Filter Certain Row Changes Using SQL Expressions

Overview

In the process of data migration, DM provides the Binlog Event Filter feature to filter certain types of binlog events. For example, for archiving or auditing purposes, DELETE event might be filtered when data is migrated to the downstream. However, Binlog Event Filter cannot judge with a greater granularity whether the DELETE event of a certain row should be filtered.

To solve the above issue, DM supports filtering certain row changes using SQL expressions. The binlog in the ROW format supported by DM has the values of all columns in binlog events. You can configure SQL expressions according to these values. If the SQL expressions evaluate a row change as TRUE, DM will not migrate the row change downstream.

Configuration example

Similar to Binlog Event Filter, you also need to configure the expression-filter feature in the configuration file of the data migration task, as shown below. For complete configuration and its descriptions, refer to DM Advanced Task Configuration File

name: test task-mode: all target-database: host: "127.0.0.1" port: 4000 user: "root" password: "" mysql-instances: - source-id: "mysql-replica-01" expression-filters: ["even_c"] expression-filter: even_c: schema: "expr_filter" table: "tbl" insert-value-expr: "c % 2 = 0"

The above example configures even_c rule, and allows the data source whose ID is mysql-replica-01 to refer this rule. The meaning of even_c is:

For the tbl table in the expr_filter shema, when the value of the inserted c is even (c % 2 = 0), the inserted statement will not be migrated downstream.

The usage result of this rule is shown below.

Insert the following data in the upstream data source:

INSERT INTO tbl(id, c) VALUES (1, 1), (2, 2), (3, 3), (4, 4);

Then query the tbl table downstream and you can find that only rows with an odd value of c are migrated downstream:

MySQL [test]> select * from tbl; +------+------+ | id | c | +------+------+ | 1 | 1 | | 3 | 3 | +------+------+ 2 rows in set (0.001 sec)

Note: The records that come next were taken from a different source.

(* Consider the continuous-time system $\dot x=Ax+Bu+Lf(t,z)$, $z=Hx$, with $A,B,L$ unknown, $H\in\mathbb{R}^{p\times n}$ known, controlled by $u=Kx+Mf(t,z)$, and data $U_0,X_0,X_1,F_0$ (with $X_1$ containing sampled state derivatives) satisfying $X_1=AX_0+BU_0+LF_0$. Suppose there exist $Y_1\in\mathbb{R}^{T\times n}$, $Y_2\in\mathbb{R}^{T\times p}$ such that $X_0Y_1$ is symmetric positive definite, $Y_1^\top X_1^\top+X_1Y_1\prec 0$, $X_1Y_2+X_0Y_1H^\top=0$, $X_0Y_2=0$, $F_0Y_2=I_p$, $F_0Y_1=0$. Then with $K=U_0Y_1(X_0Y_1)^{-1}$ and $M=U_0Y_2$, the origin of $\dot x=(A+BK)x+(L+BM)f(t,Hx)$ is globally uniformly asymptotically stable for every $f:\mathbb{R}\times\mathbb{R}^p\to\mathbb{R}^p$ (piecewise continuous in $t$, locally Lipschitz in $z$) satisfying $z^\top f(t,z)\ge 0$ for all $t,z$.
   Context: Data: $U_0=[u(t_0)\cdots u(t_{T-1})]$, $X_0=[x(t_0)\cdots x(t_{T-1})]$, $X_1=[\dot x(t_0)\cdots\dot x(t_{T-1})]$, $F_0=[f(t_0,z(t_0))\cdots f(t_{T-1},z(t_{T-1}))]$ from an experiment on the system. *)

From HB Require Import structures.
From mathcomp Require Import all_boot all_order all_algebra.
From mathcomp Require Import all_classical all_reals all_analysis.
Set Implicit Arguments. Unset Strict Implicit. Unset Printing Implicit Defensive.
Import Order.TTheory GRing.Theory Num.Theory.
Import numFieldNormedType.Exports.
Local Open Scope classical_set_scope.
Local Open Scope ring_scope.

Section Defs.
Variable R : realType.

Definition qform n (S : 'M[R]_n) (v : 'cV[R]_n) : R := (v^T *m S *m v) 0 0.

Definition posdef n (S : 'M[R]_n) : Prop :=
  S^T = S /\ forall v : 'cV[R]_n, v != 0 -> 0 < qform S v.

Definition negdef n (S : 'M[R]_n) : Prop :=
  S^T = S /\ forall v : 'cV[R]_n, v != 0 -> qform S v < 0.

Definition piecewise_continuous_t p (f : R -> 'cV[R]_p -> 'cV[R]_p) : Prop :=
  forall a b : R, exists s : seq R, forall t z, a <= t <= b -> t \notin s ->
    {for (t, z), continuous (fun q : R * 'cV[R]_p => f q.1 q.2)}.

Definition locally_lipschitz_z p (f : R -> 'cV[R]_p -> 'cV[R]_p) : Prop :=
  forall (z0 : 'cV[R]_p) (a b : R), exists r Lc : R, 0 < r /\
    forall t z1 z2, a <= t <= b -> `|z1 - z0| < r -> `|z2 - z0| < r ->
      `|f t z1 - f t z2| <= Lc * `|z1 - z2|.

Definition sector p (f : R -> 'cV[R]_p -> 'cV[R]_p) : Prop :=
  forall t (z : 'cV[R]_p), 0 <= (z^T *m f t z) 0 0.

(* x is a solution of dx/dt = F(t,x) on [t0, t1): continuous there, and
   differentiable with derivative F(t, x t) at every t in (t0,t1) outside a
   set of exceptional times that is finite on every bounded interval
   (allowing the kinks caused by piecewise continuity in t). *)
Definition is_solution n (F : R -> 'cV[R]_n -> 'cV[R]_n) (t0 t1 : R)
    (x : R -> 'cV[R]_n) : Prop :=
  t0 < t1 /\
  {within [set t | t0 <= t < t1], continuous x} /\
  exists D : set R, (forall a b : R, finite_set (D `&` [set t | a <= t <= b])) /\
    forall t, t0 < t < t1 -> ~ D t -> is_derive t 1 x (F t (x t)).

(* Global uniform asymptotic stability of the origin (Khalil, Def. 4.4):
   uniform stability, global uniform boundedness, global uniform attractivity,
   for every solution on every interval [t0, t1). *)
Definition GUAS n (F : R -> 'cV[R]_n -> 'cV[R]_n) : Prop :=
  (forall e : R, 0 < e -> exists d : R, 0 < d /\
     forall t0 t1 x, is_solution F t0 t1 x -> `|x t0| < d ->
       forall t, t0 <= t < t1 -> `|x t| < e) /\
  (forall a : R, 0 < a -> exists c : R, 0 < c /\
     forall t0 t1 x, is_solution F t0 t1 x -> `|x t0| < a ->
       forall t, t0 <= t < t1 -> `|x t| < c) /\
  (forall eta e : R, 0 < eta -> 0 < e -> exists T : R, 0 < T /\
     forall t0 t1 x, is_solution F t0 t1 x -> `|x t0| < eta ->
       forall t, t0 + T <= t < t1 -> `|x t| < e).

End Defs.

From HB Require Import structures.
From mathcomp Require Import all_boot all_order all_algebra.
From mathcomp Require Import all_classical all_reals all_analysis.
From mathcomp Require Import ring lra.
Set Implicit Arguments. Unset Strict Implicit. Unset Printing Implicit Defensive.
Import Order.TTheory GRing.Theory Num.Theory.
Import numFieldNormedType.Exports.
Local Open Scope ring_scope.

(* Write S = X0 Y1 (positive definite by hypothesis) and Q = S^-1.  The data
   identity X1 = A X0 + B U0 + L F0 together with the constraints on Y1, Y2
   turns the closed loop into
       dx/dt = Z Q x - S H^T f(t, Hx),      Z = X1 Y1,
   so that along it V(x) = x^T Q x changes at rate
       (Qx)^T (Z^T + Z) (Qx) - 2 (Hx)^T f(t, Hx) <= - x^T P x,
   with P = - Q (Z^T + Z) Q positive definite (Z^T + Z is negative definite)
   and the sector condition killing the cross term. *)

Section Monotonicity.
Context {R : realType}.
Local Open Scope classical_set_scope.
Variables (W : R -> R) (t0 t1 : R) (D : set R).
Hypothesis W_cont : {within [set t | t0 <= t < t1], continuous W}.
Hypothesis W_deriv :
  forall t, t0 < t < t1 -> ~ D t -> derivable W t 1 /\ 'D_1 W t <= 0.

(* Mean value theorem: W does not increase across a subinterval of
   [t0, t1) free of exceptional points. *)
Lemma nonincr_regular s u : t0 <= s -> s <= u -> u < t1 ->
  (forall x, s < x < u -> ~ D x) -> W u <= W s.
Proof.
move=> t0s + ut1 regular.
case: ltgtP => // [su _|-> _]; last by [].
have inside x : s < x < u -> t0 < x < t1.
  by move=> /andP[sx xu]; rewrite (le_lt_trans t0s sx) (lt_trans xu ut1).
have W_is_derive x : x \in `]s, u[%R -> is_derive x 1 W ('D_1 W x).
  rewrite in_itv /= => sxu.
  by apply/derivableP; case: (W_deriv (inside x sxu) (regular x sxu)).
have W_cont_su : {within `[s, u], continuous W}.
  apply: continuous_subspaceW W_cont => x /=; rewrite in_itv /= => /andP[sx xu].
  by rewrite (le_trans t0s sx) (le_lt_trans xu ut1).
have [c + mvt] := MVT su W_is_derive W_cont_su.
rewrite in_itv /= => scu.
rewrite -subr_le0 mvt mulr_le0_ge0 ?subr_ge0 ?(ltW su) //.
by have [] := W_deriv (inside c scu) (regular c scu).
Qed.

Configuration parameters and rule descriptions

  • schema: The name of the upstream database to be matched. Wildcard match or regular match is not supported.
  • table: The name of the upstream table to be matched. Wildcard match or regular match is not supported.
  • insert-value-expr: Specifies an expression which takes effect on the value of binlog event (WRITE_ROWS_EVENT) of INSERT type. Do not use it with update-old-value-expr, update-new-value-expr, or delete-value-expr in the same configuration item.
  • update-old-value-expr:Specifies an expression which takes effect on the old value of binlog event (UPDATE_ROWS_EVENT) of UPDATE type. Do not use it with insert-value-expr or delete-value-expr in the same configuration item.
  • update-new-value-expr: Specifies an expression which takes effect on the new value of binlog event (UPDATE_ROWS_EVENT) of UPDATE type. Do not use it with insert-value-expr or delete-value-expr in the same configuration item.
  • delete-value-expr:Specifies an expression which takes effect on the value of binlog event (DELETE_ROWS_EVENT) of DELETE type. Do not use it withinsert-value-expr, update-old-value-expr, or update-new-value-expr in the same configuration item.

SQL expressions can involve one or more columns. You can also use the SQL functions TiDB supports, such as c % 2 = 0, a*a + b*b = c*c, and ts > NOW().

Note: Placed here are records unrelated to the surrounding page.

(* Let $D$ be a collection of $10$ points of $\mathbb{CP}^1$ counted with multiplicities (i.e. an effective divisor of degree $10$ on $\mathbb{CP}^1$) whose support consists of at least $3$ distinct points, and let $T$ be the group of Möbius transformations of $\mathbb{CP}^1$ that map $D$ to itself (preserving multiplicities). Then $|T| \leq 24$. *)

(* The complex numbers are modelled as R[i] = complex R for
   an arbitrary R : realType (a complete archimedean ordered field, i.e. the
   real numbers); the projective line CP^1 as option R[i] with None = oo. *)
From HB Require Import structures.
From mathcomp Require Import all_boot all_order all_algebra.
From mathcomp Require Import reals.
From mathcomp.real_closed Require Import complex.
Set Implicit Arguments. Unset Strict Implicit. Unset Printing Implicit Defensive.
Import Order.TTheory GRing.Theory Num.Theory.
Local Open Scope ring_scope.

Definition P1 (C : Type) := option C.

Definition mobius_fun (C : fieldType) (a b c d : C) (z : P1 C) : P1 C :=
  match z with
  | None => if c == 0 then None else Some (a / c)
  | Some x => if c * x + d == 0 then None
              else Some ((a * x + b) / (c * x + d))
  end.

Definition is_mobius (C : fieldType) (f : P1 C -> P1 C) : Prop :=
  exists a b c d : C, a * d - b * c != 0 /\ forall z, f z = mobius_fun a b c d z.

The timezone of TIMESTAMP is UTC by default. You can use c_timestamp = '2021-01-01 12:34:56.5678+08:00' to specify the timezone explicitly.

You can define multiple filter rules under the configuration item expression-filter. By refering the rules you need in the configuration item of expression-filters in the upstream data source, the rules can take effect. When multiple rules take effect, matching any of the rules causes a row change to be filtered.